- Problem description
Line count for "additive": state how many lines of the listing below contain it, without anything else.

- Excerpted data

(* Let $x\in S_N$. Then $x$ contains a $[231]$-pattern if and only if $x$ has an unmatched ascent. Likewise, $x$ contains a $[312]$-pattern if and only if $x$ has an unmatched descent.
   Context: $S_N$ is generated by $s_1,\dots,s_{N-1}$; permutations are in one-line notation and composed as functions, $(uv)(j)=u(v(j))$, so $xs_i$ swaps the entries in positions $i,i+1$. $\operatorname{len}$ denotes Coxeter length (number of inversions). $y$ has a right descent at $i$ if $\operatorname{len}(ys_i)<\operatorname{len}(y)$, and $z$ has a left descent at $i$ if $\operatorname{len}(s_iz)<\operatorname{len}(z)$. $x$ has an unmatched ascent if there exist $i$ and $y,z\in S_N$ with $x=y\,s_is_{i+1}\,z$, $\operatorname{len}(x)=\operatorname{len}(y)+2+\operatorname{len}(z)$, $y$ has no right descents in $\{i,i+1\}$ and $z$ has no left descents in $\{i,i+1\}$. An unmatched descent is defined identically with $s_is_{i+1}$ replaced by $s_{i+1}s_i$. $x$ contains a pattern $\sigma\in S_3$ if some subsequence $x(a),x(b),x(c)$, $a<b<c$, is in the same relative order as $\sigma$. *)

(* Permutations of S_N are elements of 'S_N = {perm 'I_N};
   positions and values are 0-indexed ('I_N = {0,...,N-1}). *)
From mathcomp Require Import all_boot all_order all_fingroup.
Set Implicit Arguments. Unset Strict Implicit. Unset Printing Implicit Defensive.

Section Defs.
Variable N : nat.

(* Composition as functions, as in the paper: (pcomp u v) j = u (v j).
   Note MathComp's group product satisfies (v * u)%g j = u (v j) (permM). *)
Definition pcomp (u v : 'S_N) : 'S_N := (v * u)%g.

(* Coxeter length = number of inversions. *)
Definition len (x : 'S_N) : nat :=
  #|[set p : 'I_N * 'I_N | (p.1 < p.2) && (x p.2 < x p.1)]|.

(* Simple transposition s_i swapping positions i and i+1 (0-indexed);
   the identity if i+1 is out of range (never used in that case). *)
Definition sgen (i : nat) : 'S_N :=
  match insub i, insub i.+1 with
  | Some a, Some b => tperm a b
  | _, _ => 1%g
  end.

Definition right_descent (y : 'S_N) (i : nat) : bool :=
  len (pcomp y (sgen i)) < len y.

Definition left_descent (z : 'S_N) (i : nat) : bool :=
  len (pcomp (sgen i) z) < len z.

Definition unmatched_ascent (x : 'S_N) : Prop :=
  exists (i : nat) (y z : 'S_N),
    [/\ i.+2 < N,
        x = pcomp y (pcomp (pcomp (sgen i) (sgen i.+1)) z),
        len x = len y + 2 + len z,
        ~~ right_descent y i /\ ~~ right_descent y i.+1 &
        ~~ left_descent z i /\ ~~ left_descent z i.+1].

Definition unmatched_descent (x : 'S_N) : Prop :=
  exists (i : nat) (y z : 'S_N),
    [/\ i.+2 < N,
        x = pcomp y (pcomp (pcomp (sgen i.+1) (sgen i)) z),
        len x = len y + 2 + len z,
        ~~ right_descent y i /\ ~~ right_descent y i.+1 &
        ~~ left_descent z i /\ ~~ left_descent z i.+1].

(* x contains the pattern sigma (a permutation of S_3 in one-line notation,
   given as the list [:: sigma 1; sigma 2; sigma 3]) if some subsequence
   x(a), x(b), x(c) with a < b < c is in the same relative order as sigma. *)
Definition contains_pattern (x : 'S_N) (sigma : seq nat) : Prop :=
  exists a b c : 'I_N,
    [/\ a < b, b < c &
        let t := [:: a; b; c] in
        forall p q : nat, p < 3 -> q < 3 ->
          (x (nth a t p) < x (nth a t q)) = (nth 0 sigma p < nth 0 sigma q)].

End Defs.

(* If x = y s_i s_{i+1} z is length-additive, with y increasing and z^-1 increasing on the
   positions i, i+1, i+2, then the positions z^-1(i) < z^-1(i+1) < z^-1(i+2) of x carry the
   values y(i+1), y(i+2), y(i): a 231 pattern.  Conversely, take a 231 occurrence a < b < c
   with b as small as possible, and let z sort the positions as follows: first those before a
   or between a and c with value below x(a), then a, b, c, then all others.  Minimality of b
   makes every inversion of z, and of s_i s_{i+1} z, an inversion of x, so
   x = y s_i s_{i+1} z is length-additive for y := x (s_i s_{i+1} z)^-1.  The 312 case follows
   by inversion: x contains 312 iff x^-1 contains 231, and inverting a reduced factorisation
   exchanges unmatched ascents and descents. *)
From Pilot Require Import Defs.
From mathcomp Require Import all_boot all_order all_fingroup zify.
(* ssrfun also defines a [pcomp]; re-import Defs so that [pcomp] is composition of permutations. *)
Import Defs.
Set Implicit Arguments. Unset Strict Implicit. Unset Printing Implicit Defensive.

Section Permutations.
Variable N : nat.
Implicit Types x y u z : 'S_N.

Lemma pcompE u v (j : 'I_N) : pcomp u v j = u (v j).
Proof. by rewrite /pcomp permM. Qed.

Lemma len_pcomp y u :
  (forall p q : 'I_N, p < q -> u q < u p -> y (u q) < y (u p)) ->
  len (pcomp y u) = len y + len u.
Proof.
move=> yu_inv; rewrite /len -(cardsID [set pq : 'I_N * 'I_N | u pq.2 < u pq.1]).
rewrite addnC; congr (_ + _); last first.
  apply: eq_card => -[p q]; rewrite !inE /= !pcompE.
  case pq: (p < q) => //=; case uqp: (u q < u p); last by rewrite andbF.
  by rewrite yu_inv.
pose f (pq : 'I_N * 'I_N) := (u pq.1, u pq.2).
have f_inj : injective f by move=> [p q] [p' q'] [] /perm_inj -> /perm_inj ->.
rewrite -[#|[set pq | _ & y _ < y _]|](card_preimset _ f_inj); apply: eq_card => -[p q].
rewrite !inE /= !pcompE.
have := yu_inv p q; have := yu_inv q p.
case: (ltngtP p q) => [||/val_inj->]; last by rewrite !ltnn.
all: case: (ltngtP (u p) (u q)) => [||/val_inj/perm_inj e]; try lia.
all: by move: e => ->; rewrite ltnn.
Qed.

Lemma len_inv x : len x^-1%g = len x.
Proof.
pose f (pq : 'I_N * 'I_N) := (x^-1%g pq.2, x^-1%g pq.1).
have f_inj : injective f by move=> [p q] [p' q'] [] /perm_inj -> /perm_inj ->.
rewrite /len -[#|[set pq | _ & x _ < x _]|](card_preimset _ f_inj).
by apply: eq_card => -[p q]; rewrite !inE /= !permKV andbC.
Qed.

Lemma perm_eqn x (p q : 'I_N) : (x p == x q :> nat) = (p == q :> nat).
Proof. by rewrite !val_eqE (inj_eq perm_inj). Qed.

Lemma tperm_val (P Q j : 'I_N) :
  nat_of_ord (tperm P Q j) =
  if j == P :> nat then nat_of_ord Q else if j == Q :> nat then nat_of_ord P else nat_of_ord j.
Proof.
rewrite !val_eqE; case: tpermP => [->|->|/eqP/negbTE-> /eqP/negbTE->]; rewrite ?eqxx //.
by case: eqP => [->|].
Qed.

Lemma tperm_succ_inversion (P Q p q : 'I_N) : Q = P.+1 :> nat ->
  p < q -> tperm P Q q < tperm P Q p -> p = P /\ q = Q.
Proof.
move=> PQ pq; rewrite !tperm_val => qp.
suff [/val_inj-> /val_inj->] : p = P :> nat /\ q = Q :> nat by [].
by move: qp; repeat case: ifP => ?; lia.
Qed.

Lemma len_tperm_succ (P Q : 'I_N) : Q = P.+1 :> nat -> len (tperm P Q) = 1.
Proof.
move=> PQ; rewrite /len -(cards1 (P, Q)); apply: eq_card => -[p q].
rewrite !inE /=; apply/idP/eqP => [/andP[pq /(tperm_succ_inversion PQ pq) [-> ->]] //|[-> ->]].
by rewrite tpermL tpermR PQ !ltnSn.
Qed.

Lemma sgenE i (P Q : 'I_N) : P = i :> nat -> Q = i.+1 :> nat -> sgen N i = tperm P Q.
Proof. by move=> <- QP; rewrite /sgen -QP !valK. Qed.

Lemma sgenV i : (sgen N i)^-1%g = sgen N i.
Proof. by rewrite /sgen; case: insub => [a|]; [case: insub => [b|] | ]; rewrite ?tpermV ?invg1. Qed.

- Answer section
2